▶ _PROBLEM DESCRIPTION_
Which lines below contain the word "zipE"? Copy each one.

(Dataset entries)
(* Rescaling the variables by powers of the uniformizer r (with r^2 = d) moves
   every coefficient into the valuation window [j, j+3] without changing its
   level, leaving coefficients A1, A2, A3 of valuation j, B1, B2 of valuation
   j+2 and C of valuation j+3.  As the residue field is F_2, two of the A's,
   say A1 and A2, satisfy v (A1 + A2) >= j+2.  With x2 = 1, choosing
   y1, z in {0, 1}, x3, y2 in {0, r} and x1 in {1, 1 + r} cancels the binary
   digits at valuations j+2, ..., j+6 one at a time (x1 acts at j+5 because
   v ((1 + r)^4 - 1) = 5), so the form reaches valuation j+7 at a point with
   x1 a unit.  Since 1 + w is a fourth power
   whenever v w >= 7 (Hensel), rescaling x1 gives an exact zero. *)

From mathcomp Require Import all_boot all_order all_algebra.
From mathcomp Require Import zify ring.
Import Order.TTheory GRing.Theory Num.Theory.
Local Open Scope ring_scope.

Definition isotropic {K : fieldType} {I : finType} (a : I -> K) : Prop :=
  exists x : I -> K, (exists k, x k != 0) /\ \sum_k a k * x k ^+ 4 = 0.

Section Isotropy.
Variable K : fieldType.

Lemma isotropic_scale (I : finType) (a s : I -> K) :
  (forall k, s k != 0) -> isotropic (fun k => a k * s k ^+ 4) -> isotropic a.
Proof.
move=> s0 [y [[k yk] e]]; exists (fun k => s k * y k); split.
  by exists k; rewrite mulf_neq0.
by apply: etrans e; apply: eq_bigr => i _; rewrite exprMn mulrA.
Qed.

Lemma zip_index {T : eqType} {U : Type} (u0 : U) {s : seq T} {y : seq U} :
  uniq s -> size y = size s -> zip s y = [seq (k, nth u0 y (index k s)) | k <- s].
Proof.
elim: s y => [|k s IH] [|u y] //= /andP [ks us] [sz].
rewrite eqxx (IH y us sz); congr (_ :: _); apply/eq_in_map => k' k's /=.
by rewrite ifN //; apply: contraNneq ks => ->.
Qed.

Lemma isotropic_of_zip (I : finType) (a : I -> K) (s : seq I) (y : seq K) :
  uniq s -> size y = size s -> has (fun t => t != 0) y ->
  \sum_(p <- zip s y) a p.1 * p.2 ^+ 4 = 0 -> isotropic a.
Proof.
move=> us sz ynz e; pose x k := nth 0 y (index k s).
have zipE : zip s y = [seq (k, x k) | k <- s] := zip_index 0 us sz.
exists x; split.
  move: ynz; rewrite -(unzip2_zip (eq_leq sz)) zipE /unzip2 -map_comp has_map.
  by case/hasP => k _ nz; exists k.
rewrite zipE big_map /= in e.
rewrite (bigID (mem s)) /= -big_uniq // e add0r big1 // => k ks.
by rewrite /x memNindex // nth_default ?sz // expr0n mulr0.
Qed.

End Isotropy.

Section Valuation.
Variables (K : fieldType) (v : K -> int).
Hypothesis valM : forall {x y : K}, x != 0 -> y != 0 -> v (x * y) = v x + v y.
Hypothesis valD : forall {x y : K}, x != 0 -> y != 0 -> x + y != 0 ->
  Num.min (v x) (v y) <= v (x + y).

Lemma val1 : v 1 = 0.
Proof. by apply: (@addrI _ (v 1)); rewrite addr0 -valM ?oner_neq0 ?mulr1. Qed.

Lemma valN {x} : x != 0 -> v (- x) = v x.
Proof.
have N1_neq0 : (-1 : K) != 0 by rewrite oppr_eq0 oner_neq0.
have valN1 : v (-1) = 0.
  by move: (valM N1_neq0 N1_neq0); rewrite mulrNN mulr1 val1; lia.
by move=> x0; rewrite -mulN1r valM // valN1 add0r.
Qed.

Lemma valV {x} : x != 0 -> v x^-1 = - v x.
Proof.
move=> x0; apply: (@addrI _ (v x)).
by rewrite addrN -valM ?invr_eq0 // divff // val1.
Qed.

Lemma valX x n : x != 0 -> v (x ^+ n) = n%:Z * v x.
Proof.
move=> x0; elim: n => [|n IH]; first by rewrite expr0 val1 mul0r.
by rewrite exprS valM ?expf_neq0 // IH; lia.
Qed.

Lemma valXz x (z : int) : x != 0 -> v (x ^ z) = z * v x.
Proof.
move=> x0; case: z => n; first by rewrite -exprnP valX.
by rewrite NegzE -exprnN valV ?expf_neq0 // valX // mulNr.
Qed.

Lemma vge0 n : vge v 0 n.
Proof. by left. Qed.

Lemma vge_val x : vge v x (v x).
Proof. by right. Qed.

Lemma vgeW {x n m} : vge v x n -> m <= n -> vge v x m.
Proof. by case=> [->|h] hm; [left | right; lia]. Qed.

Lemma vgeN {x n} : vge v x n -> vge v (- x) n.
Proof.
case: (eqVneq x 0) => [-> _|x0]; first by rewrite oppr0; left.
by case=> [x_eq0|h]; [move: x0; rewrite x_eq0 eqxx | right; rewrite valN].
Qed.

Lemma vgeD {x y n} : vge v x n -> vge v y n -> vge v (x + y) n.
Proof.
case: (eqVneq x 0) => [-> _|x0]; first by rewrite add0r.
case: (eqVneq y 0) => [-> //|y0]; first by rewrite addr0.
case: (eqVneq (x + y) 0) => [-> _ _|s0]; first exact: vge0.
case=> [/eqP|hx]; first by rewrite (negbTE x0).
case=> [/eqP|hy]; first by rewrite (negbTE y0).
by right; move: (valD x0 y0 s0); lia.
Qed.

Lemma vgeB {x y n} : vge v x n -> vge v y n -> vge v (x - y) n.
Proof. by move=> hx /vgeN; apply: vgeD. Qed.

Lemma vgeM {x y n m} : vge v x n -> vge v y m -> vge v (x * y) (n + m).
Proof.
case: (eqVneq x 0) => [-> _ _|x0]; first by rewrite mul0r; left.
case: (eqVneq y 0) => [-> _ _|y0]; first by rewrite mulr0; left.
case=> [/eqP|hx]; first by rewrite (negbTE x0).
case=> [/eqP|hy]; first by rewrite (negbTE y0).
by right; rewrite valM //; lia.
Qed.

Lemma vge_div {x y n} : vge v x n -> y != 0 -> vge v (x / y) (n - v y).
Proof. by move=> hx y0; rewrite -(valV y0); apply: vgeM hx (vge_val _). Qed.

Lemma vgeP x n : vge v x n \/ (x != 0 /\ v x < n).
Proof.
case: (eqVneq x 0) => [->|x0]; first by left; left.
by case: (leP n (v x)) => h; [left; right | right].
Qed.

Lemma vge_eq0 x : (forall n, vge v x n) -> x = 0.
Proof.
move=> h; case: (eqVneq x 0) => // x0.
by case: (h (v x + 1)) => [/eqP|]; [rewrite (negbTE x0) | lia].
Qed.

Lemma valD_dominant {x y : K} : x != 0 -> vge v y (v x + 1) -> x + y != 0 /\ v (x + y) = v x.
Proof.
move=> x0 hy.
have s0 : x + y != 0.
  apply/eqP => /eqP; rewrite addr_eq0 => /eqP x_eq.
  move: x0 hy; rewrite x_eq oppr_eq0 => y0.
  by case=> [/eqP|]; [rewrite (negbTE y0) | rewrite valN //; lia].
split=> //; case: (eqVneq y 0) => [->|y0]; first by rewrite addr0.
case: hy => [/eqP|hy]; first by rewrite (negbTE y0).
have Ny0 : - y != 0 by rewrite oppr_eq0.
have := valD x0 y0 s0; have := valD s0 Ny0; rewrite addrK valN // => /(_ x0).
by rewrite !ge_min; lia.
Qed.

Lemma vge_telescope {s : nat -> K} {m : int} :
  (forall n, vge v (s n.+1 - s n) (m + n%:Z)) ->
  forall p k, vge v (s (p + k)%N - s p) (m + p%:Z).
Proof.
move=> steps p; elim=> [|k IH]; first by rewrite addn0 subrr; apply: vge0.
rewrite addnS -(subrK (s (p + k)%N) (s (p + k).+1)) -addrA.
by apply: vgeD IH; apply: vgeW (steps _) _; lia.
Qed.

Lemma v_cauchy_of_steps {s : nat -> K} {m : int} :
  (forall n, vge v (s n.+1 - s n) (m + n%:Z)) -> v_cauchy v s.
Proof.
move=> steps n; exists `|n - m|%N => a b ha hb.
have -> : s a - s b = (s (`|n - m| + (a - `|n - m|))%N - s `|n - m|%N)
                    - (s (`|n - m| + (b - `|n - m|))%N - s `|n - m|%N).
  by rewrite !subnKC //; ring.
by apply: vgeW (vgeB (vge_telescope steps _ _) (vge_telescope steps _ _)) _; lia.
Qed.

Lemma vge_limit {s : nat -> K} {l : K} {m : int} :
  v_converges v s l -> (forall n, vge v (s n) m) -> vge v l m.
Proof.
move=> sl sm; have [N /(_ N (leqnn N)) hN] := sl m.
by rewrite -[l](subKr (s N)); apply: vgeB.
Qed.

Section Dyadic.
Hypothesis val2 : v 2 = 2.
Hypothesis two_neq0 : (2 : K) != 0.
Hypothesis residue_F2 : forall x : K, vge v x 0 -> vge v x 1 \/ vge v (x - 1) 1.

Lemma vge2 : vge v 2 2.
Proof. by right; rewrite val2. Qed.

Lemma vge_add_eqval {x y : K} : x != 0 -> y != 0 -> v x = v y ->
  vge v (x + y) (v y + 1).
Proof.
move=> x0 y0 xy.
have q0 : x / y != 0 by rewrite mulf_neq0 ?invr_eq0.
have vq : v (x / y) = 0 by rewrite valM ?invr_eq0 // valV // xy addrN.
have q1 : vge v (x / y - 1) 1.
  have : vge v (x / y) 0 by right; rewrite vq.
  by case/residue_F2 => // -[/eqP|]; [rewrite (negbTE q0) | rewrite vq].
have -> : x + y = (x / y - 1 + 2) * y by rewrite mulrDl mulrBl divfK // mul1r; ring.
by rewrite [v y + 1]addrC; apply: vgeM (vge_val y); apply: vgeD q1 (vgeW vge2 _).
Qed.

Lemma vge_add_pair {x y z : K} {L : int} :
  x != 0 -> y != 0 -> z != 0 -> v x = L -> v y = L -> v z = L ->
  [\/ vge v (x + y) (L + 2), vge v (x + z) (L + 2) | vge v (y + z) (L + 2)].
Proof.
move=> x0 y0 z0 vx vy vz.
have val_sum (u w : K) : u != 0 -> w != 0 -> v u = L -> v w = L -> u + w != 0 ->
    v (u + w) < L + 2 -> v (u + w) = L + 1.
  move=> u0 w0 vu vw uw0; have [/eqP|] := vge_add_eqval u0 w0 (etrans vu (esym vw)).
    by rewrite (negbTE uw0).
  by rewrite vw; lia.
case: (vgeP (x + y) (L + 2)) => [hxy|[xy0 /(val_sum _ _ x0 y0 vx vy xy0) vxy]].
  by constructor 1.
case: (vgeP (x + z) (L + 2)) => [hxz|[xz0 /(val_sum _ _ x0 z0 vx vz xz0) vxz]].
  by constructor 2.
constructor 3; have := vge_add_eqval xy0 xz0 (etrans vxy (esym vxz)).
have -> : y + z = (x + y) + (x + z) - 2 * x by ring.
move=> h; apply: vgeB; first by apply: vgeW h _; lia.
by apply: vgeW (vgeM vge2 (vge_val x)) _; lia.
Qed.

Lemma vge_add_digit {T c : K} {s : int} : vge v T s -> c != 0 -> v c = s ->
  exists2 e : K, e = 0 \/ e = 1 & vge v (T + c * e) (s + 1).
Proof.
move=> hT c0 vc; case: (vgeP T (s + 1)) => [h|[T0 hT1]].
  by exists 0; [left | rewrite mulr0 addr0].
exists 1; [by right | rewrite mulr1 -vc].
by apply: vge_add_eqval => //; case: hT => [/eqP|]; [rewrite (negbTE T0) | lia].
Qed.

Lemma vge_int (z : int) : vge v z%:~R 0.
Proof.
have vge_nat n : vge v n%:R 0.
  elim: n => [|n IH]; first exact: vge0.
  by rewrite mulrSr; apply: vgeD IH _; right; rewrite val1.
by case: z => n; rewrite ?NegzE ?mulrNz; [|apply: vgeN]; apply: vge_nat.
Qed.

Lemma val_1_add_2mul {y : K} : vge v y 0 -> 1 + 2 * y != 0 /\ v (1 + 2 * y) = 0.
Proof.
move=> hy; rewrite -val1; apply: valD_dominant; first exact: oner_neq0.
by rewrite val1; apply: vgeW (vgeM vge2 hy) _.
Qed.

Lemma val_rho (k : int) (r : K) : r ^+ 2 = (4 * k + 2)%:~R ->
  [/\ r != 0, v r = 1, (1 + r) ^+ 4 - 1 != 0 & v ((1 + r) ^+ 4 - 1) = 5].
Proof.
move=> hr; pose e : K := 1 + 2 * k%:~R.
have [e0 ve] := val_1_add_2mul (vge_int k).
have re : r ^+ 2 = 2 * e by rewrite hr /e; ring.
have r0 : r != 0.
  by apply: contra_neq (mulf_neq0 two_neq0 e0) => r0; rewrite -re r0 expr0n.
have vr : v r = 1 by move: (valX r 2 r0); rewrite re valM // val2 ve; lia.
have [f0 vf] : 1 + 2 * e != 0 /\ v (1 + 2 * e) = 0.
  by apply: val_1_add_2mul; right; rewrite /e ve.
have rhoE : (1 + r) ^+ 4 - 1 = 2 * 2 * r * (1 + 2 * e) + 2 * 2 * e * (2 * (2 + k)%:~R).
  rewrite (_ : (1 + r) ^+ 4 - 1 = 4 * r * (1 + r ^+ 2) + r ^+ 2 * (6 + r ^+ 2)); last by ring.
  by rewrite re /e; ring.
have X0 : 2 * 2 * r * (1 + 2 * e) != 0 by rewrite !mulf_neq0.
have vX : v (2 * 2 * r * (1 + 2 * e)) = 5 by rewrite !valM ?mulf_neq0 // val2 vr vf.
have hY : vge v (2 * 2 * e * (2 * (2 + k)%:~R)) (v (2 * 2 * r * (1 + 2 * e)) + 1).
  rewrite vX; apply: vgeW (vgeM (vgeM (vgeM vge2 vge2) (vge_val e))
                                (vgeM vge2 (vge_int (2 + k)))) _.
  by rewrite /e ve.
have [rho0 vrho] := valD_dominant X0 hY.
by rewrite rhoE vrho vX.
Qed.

▶ _SOLUTION FOR THIS PROBLEM_
have zipE : zip s y = [seq (k, x k) | k <- s] := zip_index 0 us sz.
  move: ynz; rewrite -(unzip2_zip (eq_leq sz)) zipE /unzip2 -map_comp has_map.
rewrite zipE big_map /= in e.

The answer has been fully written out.